Ask Stay-at-Home-Parents About Their Jobs

Talking about work is a typical go-to conversation topic. But SAHMs/parents can feel excluded because people don’t know what to ask them. They’re working full-time too, it just looks different. Some work-related questions to ask:

What’s your schedule like these days?

How have you been doing while taking care of your kid(s)?

How do you manage your day?

How do you manage stress and self-care?

What have been some of the challenges over the last week?

What are the best parts of your week?

Ask Questions NOT Related To Work

Even when I worked in a full-time professional job, I didn’t always want to talk about work. I’m sure I’m not alone. So, let’s get creative and ask people non-work-related questions like:

What are you doing for fun these days?

Do you have any hobbies you’ve been wanting to try?

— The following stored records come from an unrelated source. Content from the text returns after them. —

Lemma mxrank_shift_ge mu c :
  (n - (count_mem mu s + 1) <= \rank (A - mu%:M + c *: J)%R)%N.
Proof.
have [->|mur] := eqVneq mu r; last first.
  set X := A - mu%:M + c *: J.
  have : (\rank (A - mu%:M)%R <= \rank X + 1)%N.
    rewrite -[A - mu%:M](addrK (c *: J)) -/X.
    apply: leq_trans (mxrank_add _ _) _; rewrite leq_add2l mxrank_opp.
    exact: leq_trans (mxrank_scale _ _) mxrank_const1.
  by rewrite mxrank_sub_neq_rowsum // => le_rank; rewrite subnDA leq_subLR addnC.
have [->|c0] := eqVneq c 0.
  by rewrite scale0r addr0 mxrank_sub_rowsum.
(* ker X is ker (A - r) with the direction of ones removed. *)
set X := A - r%:M + c *: J.
have X_ones : X *m ones^T = (c * n%:R) *: ones^T.
  rewrite mulmxDl mulmxBl mul_tr_ones mul_scalar_mx subrr add0r -scalemxAl.
  by rewrite const1_mul_tr_ones scalerA.
have ker_X (v : 'rV_n) : v *m X = 0 -> v *m (A - r%:M) = 0.
  move=> vX; have v1 : v *m ones^T = 0.
    have := congr1 (mulmx^~ ones^T) vX; rewrite mul0mx -mulmxA X_ones -scalemxAr.
    move/eqP; rewrite scaler_eq0 mulf_eq0 (negbTE c0) (negbTE natr_size_neq0).
    by move/eqP.
  by move: vX; rewrite mulmxDr -scalemxAr mulmx_const1_eq0 // scaler0 addr0.
have ones_ker : ones *m (A - r%:M) = 0 by rewrite mulmxBr rowA mul_mx_scalar subrr.
have ones_X : ones *m X != 0.
  rewrite mulmxDr ones_ker add0r -scalemxAr ones_mul_const1 scalerA scaler_eq0.
  by rewrite mulf_eq0 negb_or !negb_or c0 natr_size_neq0 ones_neq0.
have := mxrank_ltn_ker ker_X ones_ker ones_X; rewrite mxrank_sub_rowsum; lia.
Qed.

Lemma mxrank_shift_le mu : mu != r ->
  (\rank (A - mu%:M + ((mu - r) / n%:R) *: J)%R <= n - (count_mem mu s + 1))%N.
Proof.
move=> mur; set X := A - mu%:M + _ *: J.
have ker_A (v : 'rV_n) : v *m (A - mu%:M) = 0 -> v *m X = 0.
  move=> vA; have : v *m A = mu *: v.
    by apply/eqP; move: vA; rewrite mulmxBr mul_mx_scalar => /eqP; rewrite subr_eq0.
  move/eigenvector_ortho_ones/(_ mur)/mulmx_const1_eq0 => vJ.
  by rewrite mulmxDr vA -scalemxAr vJ scaler0 addr0.
have ones_X : ones *m X = 0.
  rewrite mulmxDr mulmxBr rowA mul_mx_scalar -scalemxAr ones_mul_const1 scalerA.
  by rewrite divfK ?natr_size_neq0 // -scalerBl -scalerDl subrKA subrr scale0r.
have ones_A : ones *m (A - mu%:M) != 0.
  rewrite mulmxBr rowA mul_mx_scalar -scalerBl scaler_eq0 negb_or subr_eq0.
  by rewrite eq_sym mur ones_neq0.
by have := mxrank_ltn_ker ker_A ones_X ones_A; rewrite mxrank_sub_neq_rowsum //; lia.
Qed.

End ConstantRowSums.

Lemma bigmax_seq_attained (T : eqType) (F : T -> nat) (s : seq T) :
  s != [::] -> exists2 y, y \in s & (\max_(x <- s) F x)%N = F y.
Proof.
elim: s => [//|x s IHs] _; rewrite big_cons.
have [->|/IHs[y ys ->]] := eqVneq s [::].
  by exists x; rewrite ?mem_head // big_nil maxn0.
have [le_yx|lt_xy] := leqP (F y) (F x).
  by exists x; rewrite ?mem_head //; apply/maxn_idPl.
by exists y; rewrite ?inE ?ys ?orbT //; apply/maxn_idPr/ltnW.
Qed.

Lemma count_mem_le_bigmax (T : eqType) (s : seq T) x :
  (count_mem x s <= \max_(y <- s) count_mem y s)%N.
Proof.
have [xs|/count_memPn->//] := boolP (x \in s).
exact: (leq_bigmax_seq (F := fun y => count_mem y s) x xs).
Qed.

Section RegularGraph.
Variables (R : realType) (n : nat) (e : rel 'I_n) (r : nat).
Hypotheses (simple_e : simple_graph e) (regular_e : regular e r).

Lemma adjmx_sym : (adjmx R e)^T = adjmx R e.
Proof. by case: simple_e => sym_e _; apply/matrixP => i j; rewrite !mxE sym_e. Qed.

Lemma ones_mul_adjmx : const_mx 1 *m adjmx R e = r%:R *: const_mx 1 :> 'rV_n.
Proof.
case: simple_e => sym_e _; apply/rowP => j; rewrite !mxE mulr1 -(regular_e j).
rewrite /deg -sum1_card natr_sum [RHS]big_mkcond /=.
by apply: eq_bigr => i _; rewrite !mxE mul1r inE sym_e; case: (e j i).
Qed.

Lemma degmx_regular : degmx R e = r%:R%:M.
Proof.
by apply/matrixP => i j; rewrite !mxE; case: eqP => [->|_]; rewrite ?regular_e.
Qed.

Lemma univ_adjE a b c d : a != 0 -> univ_adj e a b c d =
  a *: (adjmx R e - (- (b + d * r%:R) / a)%:M + (c / a) *: const_mx 1).
Proof.
move=> a0; rewrite /univ_adj degmx_regular /allones.
apply/matrixP => i j; rewrite !mxE.
by case: (i == j); rewrite ?mulr1n ?mulr0n; field.
Qed.

End RegularGraph.

Theorem theorem11 (R : realType) (n : nat) (e : rel 'I_n) (r : nat)
    (ls : seq R) :
  simple_graph e -> connected_graph e -> regular e r ->
  char_poly (adjmx R e) = \prod_(x <- r%:R :: ls) ('X - x%:P) ->
  is_mur R e (n - ((\max_(x <- ls) count_mem x ls) + 1))%N.
Proof.
move=> simple_e _ regular_e charA.
have symA := adjmx_sym R simple_e.
have rowA := ones_mul_adjmx R simple_e regular_e.
have shiftE mu c : univ_adj e 1 (- mu) c 0 = adjmx R e - mu%:M + c *: const_mx 1.
  by rewrite (univ_adjE regular_e) ?oner_eq0 // scale1r mul0r addr0 opprK !divr1.
split=> [|a b c d a0]; last first.
  rewrite (univ_adjE regular_e) // mxrank_scale_nz //.
  apply: leq_trans _ (mxrank_shift_ge symA rowA charA _ (c / a)).
  by rewrite leq_sub2l // leq_add2r count_mem_le_bigmax.
have [y ->] : exists y, (\max_(x <- ls) count_mem x ls)%N = count_mem y ls.
  have [->|/(bigmax_seq_attained (fun x => count_mem x ls))[y _ ->]] :=
    eqVneq ls [::]; last by exists y.
  by exists 0; rewrite big_nil.
exists 1; have [->|yr] := eqVneq y r%:R.
  exists (- r%:R), 0, 0; split; first exact: oner_neq0.
  by rewrite shiftE scale0r addr0 (mxrank_sub_rowsum symA charA).
exists (- y), ((y - r%:R) / n%:R), 0; split; first exact: oner_neq0.
apply/eqP; rewrite eqn_leq shiftE (mxrank_shift_le symA rowA charA yr) /=.
exact: mxrank_shift_ge symA rowA charA _ _.
Qed.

What types of books or movies are you into? 

How are your ______ (insert any family member’s name here) doing? 

Why do you think about ____________? (People love being asked their opinions.)

Where We All Go From Here

It doesn’t matter if you work full-time with your kids at home, or work full-time with co-workers at an office, we are all human and we all value connection. 

There’s no shortage of opportunities to have a good conversation. Ask good questions to everyone—even if you don’t understand what they do full-time. And, be bold! Be the first in your friend group or family to break the mold and ask a non-traditional question . . . you know, like one not about work? *gasp* Ask about their weird habits, their crazy relatives (or friends), their embarrassing moments, whatever. 

Because having meaningful conversations matters. And no one wants to feel forgotten or left out.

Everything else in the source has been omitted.